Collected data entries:

(* Let $q$ be a prime, $r\geq 2$ and $k\geq 4$, and let $(f_1,f_2,\dots,f_r)$ be an $r$-tuple of Latin hypercubes of order $q$ and dimension $k$ (not necessarily mutually orthogonal). Suppose that for every two distinct indices $i,j\in[r]$ and every way of fixing the same $k-3$ of the $k$ arguments to the same values in both $f_i$ and $f_j$, the resulting pair of Latin hypercubes of dimension $3$ is a linear pair. Then $(f_1,f_2,\dots,f_r)$ is a linear $r$-tuple of Latin hypercubes.
   Context: $[m]=\{1,\dots,m\}$. A Latin hypercube of order $q$ and dimension $k$ is a function $f:\mathbb{F}_q^k\to\mathbb{F}_q$ such that, whenever any $k-1$ of the arguments are fixed, the resulting function of the remaining argument is a bijection of $\mathbb{F}_q$ (equivalently, every $q\times q$ subarray obtained by fixing $k-2$ arguments is a Latin square). Fixing some arguments of a Latin hypercube to constants yields a Latin hypercube of smaller dimension in the remaining arguments. An $r$-tuple $(f_1,\dots,f_r)$ of Latin hypercubes of order $q$ and dimension $k$ is linear if there exist permutations $\alpha_1,\dots,\alpha_k,\beta_1,\dots,\beta_r$ of $\mathbb{F}_q$ and coefficients $a_{i,j}\in\mathbb{F}_q$ ($i\in[r]$, $j\in[k]$) such that for every $i\in[r]$ and all $x\in\mathbb{F}_q^k$, $\beta_i(f_i(x_1,\dots,x_k))=a_{i,1}\alpha_1(x_1)+\cdots+a_{i,k}\alpha_k(x_k)$. A linear pair is a linear $2$-tuple. *)

From HB Require Import structures.
From mathcomp Require Import all_boot all_order all_algebra all_fingroup.
Set Implicit Arguments. Unset Strict Implicit. Unset Printing Implicit Defensive.
Import GRing.Theory.
Local Open Scope ring_scope.

Definition hyper (F : finFieldType) (k : nat) := {ffun 'I_k -> F} -> F.

Definition upd (F : finFieldType) (k : nat) (x : {ffun 'I_k -> F}) (j : 'I_k) (a : F)
  : {ffun 'I_k -> F} := [ffun i => if i == j then a else x i].

Definition latin_hypercube (F : finFieldType) (k : nat) (f : hyper F k) : Prop :=
  forall (x : {ffun 'I_k -> F}) (j : 'I_k), bijective (fun a : F => f (upd x j a)).

Definition linear_tuple (F : finFieldType) (r k : nat) (f : 'I_r -> hyper F k) : Prop :=
  exists (alpha : 'I_k -> {perm F}) (beta : 'I_r -> {perm F}) (a : 'I_r -> 'I_k -> F),
    forall (i : 'I_r) (x : {ffun 'I_k -> F}),
      beta i (f i x) = \sum_(j < k) a i j * alpha j (x j).

Definition linear_pair (F : finFieldType) (k : nat) (g h : hyper F k) : Prop :=
  linear_tuple (fun t : 'I_2 => if val t == 0%N then g else h).

(* Restriction of f: the arguments outside the image of e are fixed to the
   values of x; the m free arguments, in the order given by e, are the new ones. *)
Definition restrict (F : finFieldType) (k m : nat) (f : hyper F k)
  (e : 'I_m -> 'I_k) (x : {ffun 'I_k -> F}) : hyper F m :=
  fun y => f [ffun i => if [pick t | e t == i] is Some t then y t else x i].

**Task to carry out:**
Set down exactly the lines from the one that contains "Import GRing.Theory." to the final line above, both included, and nothing more.

**Solution to the exercise:**
Import GRing.Theory.
Local Open Scope ring_scope.

Definition hyper (F : finFieldType) (k : nat) := {ffun 'I_k -> F} -> F.

Definition upd (F : finFieldType) (k : nat) (x : {ffun 'I_k -> F}) (j : 'I_k) (a : F)
  : {ffun 'I_k -> F} := [ffun i => if i == j then a else x i].

Definition latin_hypercube (F : finFieldType) (k : nat) (f : hyper F k) : Prop :=
  forall (x : {ffun 'I_k -> F}) (j : 'I_k), bijective (fun a : F => f (upd x j a)).

Definition linear_tuple (F : finFieldType) (r k : nat) (f : 'I_r -> hyper F k) : Prop :=
  exists (alpha : 'I_k -> {perm F}) (beta : 'I_r -> {perm F}) (a : 'I_r -> 'I_k -> F),
    forall (i : 'I_r) (x : {ffun 'I_k -> F}),
      beta i (f i x) = \sum_(j < k) a i j * alpha j (x j).

Definition linear_pair (F : finFieldType) (k : nat) (g h : hyper F k) : Prop :=
  linear_tuple (fun t : 'I_2 => if val t == 0%N then g else h).

(* Restriction of f: the arguments outside the image of e are fixed to the
   values of x; the m free arguments, in the order given by e, are the new ones. *)
Definition restrict (F : finFieldType) (k m : nat) (f : hyper F k)
  (e : 'I_m -> 'I_k) (x : {ffun 'I_k -> F}) : hyper F m :=
  fun y => f [ffun i => if [pick t | e t == i] is Some t then y t else x i].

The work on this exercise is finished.